Lemma mdvd_subset (s t : mono) : mdvd s t -> {subset s <= t}.
Proof.
move=> /allP dst x xs; rewrite -has_pred1 has_count.
by apply: (leq_trans _ (dst x xs)); rewrite -has_count has_pred1.
Qed.

Lemma sorted_ltn_sort (s : seq nat) : uniq s -> sorted ltn (sort leq s).
Proof.
by move=> us; rewrite ltn_sorted_uniq_leq sort_uniq us sort_sorted //; apply: leq_total.
Qed.

Lemma eq_sorted_ltn (s t : seq nat) : sorted ltn s -> sorted ltn t -> s =i t -> s = t.
Proof. exact: (@irr_sorted_eq _ ltn ltn_trans ltnn). Qed.

Lemma sorted_ltn_filter (p : pred nat) s : sorted ltn s -> sorted ltn (filter p s).
Proof. by apply: sorted_filter => y x z; apply: ltn_trans. Qed.

(* [f] is the indicator of a minimal vertex cover of P_m on the vertices 1..m; minimality is
   stated locally: every chosen vertex has a neighbour that is not chosen. *)
Definition mincover (m : nat) (f : nat -> bool) : Prop :=
  [/\ forall k, f k -> 0 < k <= m,
      forall k, 0 < k < m -> f k || f k.+1 &
      forall k, f k -> ((1 < k) && ~~ f k.-1) || ((k < m) && ~~ f k.+1)].

Definition mincover_seq (m : nat) (s : seq nat) : Prop :=
  sorted ltn s /\ mincover m (fun k => k \in s).

Definition mincover_seqb (m : nat) (s : seq nat) : bool :=
  [&& sorted ltn s, all (fun k => 0 < k <= m) s,
      all (fun k => (k \in s) || (k.+1 \in s)) (iota 1 m.-1) &
      all (fun k => ((1 < k) && (k.-1 \notin s)) || ((k < m) && (k.+1 \notin s))) s].

Lemma mincover_seqP m s : reflect (mincover_seq m s) (mincover_seqb m s).
Proof.
apply: (iffP and4P) => [[srt /allP rng /allP edge /allP mnl] | [srt [rng edge mnl]]].
  by split=> //; split=> [k /rng | k hk | k /mnl] //; apply: edge; rewrite mem_iota; lia.
split=> //; [apply/allP=> k /rng | apply/allP=> k | apply/allP=> k /mnl] => //.
by rewrite mem_iota => hk; apply: edge; lia.
Qed.

Lemma eq_mincover m f g : f =1 g -> mincover m f -> mincover m g.
Proof.
move=> fg [rng edge mnl]; split=> k; rewrite -!fg; [exact: rng | exact: edge | exact: mnl].
Qed.

Lemma mincover_seq_uniq m s : mincover_seq m s -> uniq s.
Proof. by case=> srt _; apply: sorted_uniq srt; [apply: ltn_trans | apply: ltnn]. Qed.

Lemma mincover_seq_range m s x : mincover_seq m s -> x \in s -> 0 < x <= m.
Proof. by case=> _ [rng _ _] /rng. Qed.

Lemma mincover_edge m f k : mincover m f -> 0 < k < m -> f k || f k.+1.
Proof. by case=> _ edge _; apply: edge. Qed.

Lemma mincover_no_three m f k : mincover m f -> ~~ [&& f k, f k.+1 & f k.+2].
Proof. by case=> _ _ mnl; apply/and3P => -[fk /mnl /= + fk2]; rewrite fk fk2 !andbF. Qed.

Lemma mincover_last m f : 0 < m -> mincover m f -> ~~ (f m.-1 && f m).
Proof.
move=> m0 [_ _ mnl]; apply/andP => -[fm1 /mnl].
by rewrite fm1 ltnn !andbF.
Qed.
(* A valid inequality for P(K S) restricts, through lift, to a valid affine
   inequality for P(S) cutting out the corresponding face, and conversely a
   valid inequality for P(S) pulls back through pi. *)
Lemma face_transfer S S1 S2 :
  is_face (base_polytope R (K S))
    (fun x => base_polytope R (K S1) x /\ base_polytope R (K S2) x) <->
  is_face (base_polytope R S) (fun x => base_polytope R S1 x /\ base_polytope R S2 x).
Proof.
split.
  case=> c' [b [valid faceE]]; have [c [k ck]] := lift_affine c'.
  exists c, (b - k); split=> [x1 /polytope_lift /valid|x1].
    by rewrite ck lerBrDr.
  rewrite -!polytope_lift faceE ck; split=> -[PS cE]; split=> //.
    by rewrite -cE addrK.
  by rewrite cE subrK.
case=> c [b [valid faceE]]; have [c' cc'] := pi_linear c.
exists c', b; split=> [x /polytopeK [/valid]|x]; first by rewrite cc'.
by rewrite !polytopeK cc'; have := faceE (pi x); tauto.
Qed.

Lemma split_transfer B S1 S2 :
  hyperplane_split R (K B) (K S1) (K S2) <-> hyperplane_split R B S1 S2.
Proof.
have union_transfer :
    same_set (base_polytope R (K B))
      (fun x => base_polytope R (K S1) x \/ base_polytope R (K S2) x) <->
    same_set (base_polytope R B) (fun x => base_polytope R S1 x \/ base_polytope R S2 x).
  split=> union x; first by rewrite -!polytope_lift.
  by rewrite !polytopeK union; tauto.
by rewrite /hyperplane_split !matroidK union_transfer !face_transfer.
Qed.

End SplitTransfer.

Definition glue (R : Type) (E1 E2 : finType) (x1 : E1 -> R) (x2 : E2 -> R) :
  (E1 + E2)%type -> R := fun i => match i with inl u => x1 u | inr v => x2 v end.

Section FactorSplits.
Variables (R : realFieldType) (E1 E2 : finType).

Lemma split_left_factor (Bs1 S1 S2 : {set {set E1}}) (Bs2 : {set {set E2}}) :
  is_matroid Bs2 ->
  hyperplane_split R (direct_sum_bases Bs1 Bs2)
    (direct_sum_bases S1 Bs2) (direct_sum_bases S2 Bs2) <->
  hyperplane_split R Bs1 S1 S2.
Proof.
move=> m2; have [/set0Pn [y0 y0B] _] := m2.
apply: (split_transfer (K := fun S => direct_sum_bases S Bs2)
  (pi := fun x u => x (inl u)) (lift := fun x1 => glue x1 (indicator R y0))
  (Q := fun x => base_polytope R Bs2 (fun v => x (inr v)))).
- by move=> S x; apply: base_polytope_direct_sum.
- by [].
- by move=> x1; apply: indicator_base_polytope.
- move=> c; exists (glue c (fun _ => 0)) => x.
  by rewrite big_sumType /= [X in _ + X]big1 ?addr0 // => v _; rewrite mul0r.
- move=> c'; exists (fun u => c' (inl u)), (\sum_v c' (inr v) * indicator R y0 v) => x1.
  by rewrite big_sumType.
- move=> S; split=> [/direct_sum_matroid_factors [] //|mS].
  exact: direct_sum_matroid.
Qed.

Lemma split_right_factor (Bs1 : {set {set E1}}) (Bs2 S1 S2 : {set {set E2}}) :
  is_matroid Bs1 ->
  hyperplane_split R (direct_sum_bases Bs1 Bs2)
    (direct_sum_bases Bs1 S1) (direct_sum_bases Bs1 S2) <->
  hyperplane_split R Bs2 S1 S2.
Proof.
move=> m1; have [/set0Pn [a0 a0B] _] := m1.
apply: (split_transfer (K := fun S => direct_sum_bases Bs1 S)
  (pi := fun x v => x (inr v)) (lift := fun x2 => glue (indicator R a0) x2)
  (Q := fun x => base_polytope R Bs1 (fun u => x (inl u)))).
- by move=> S x; rewrite base_polytope_direct_sum; tauto.
- by [].
- by move=> x2; apply: indicator_base_polytope.
- move=> c; exists (glue (fun _ => 0) c) => x.
  by rewrite big_sumType /= [X in X + _]big1 ?add0r // => u _; rewrite mul0r.
- move=> c'; exists (fun v => c' (inr v)), (\sum_u c' (inl u) * indicator R a0 u) => x2.
  by rewrite big_sumType addrC.
- move=> S; split=> [/direct_sum_matroid_factors [] //|mS].
  exact: direct_sum_matroid.
Qed.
════════════════════
**Task instructions:**
All lines from the listing above that include "through" should be shown.

**Answer space:**
(* A valid inequality for P(K S) restricts, through lift, to a valid affine
   valid inequality for P(S) pulls back through pi. *)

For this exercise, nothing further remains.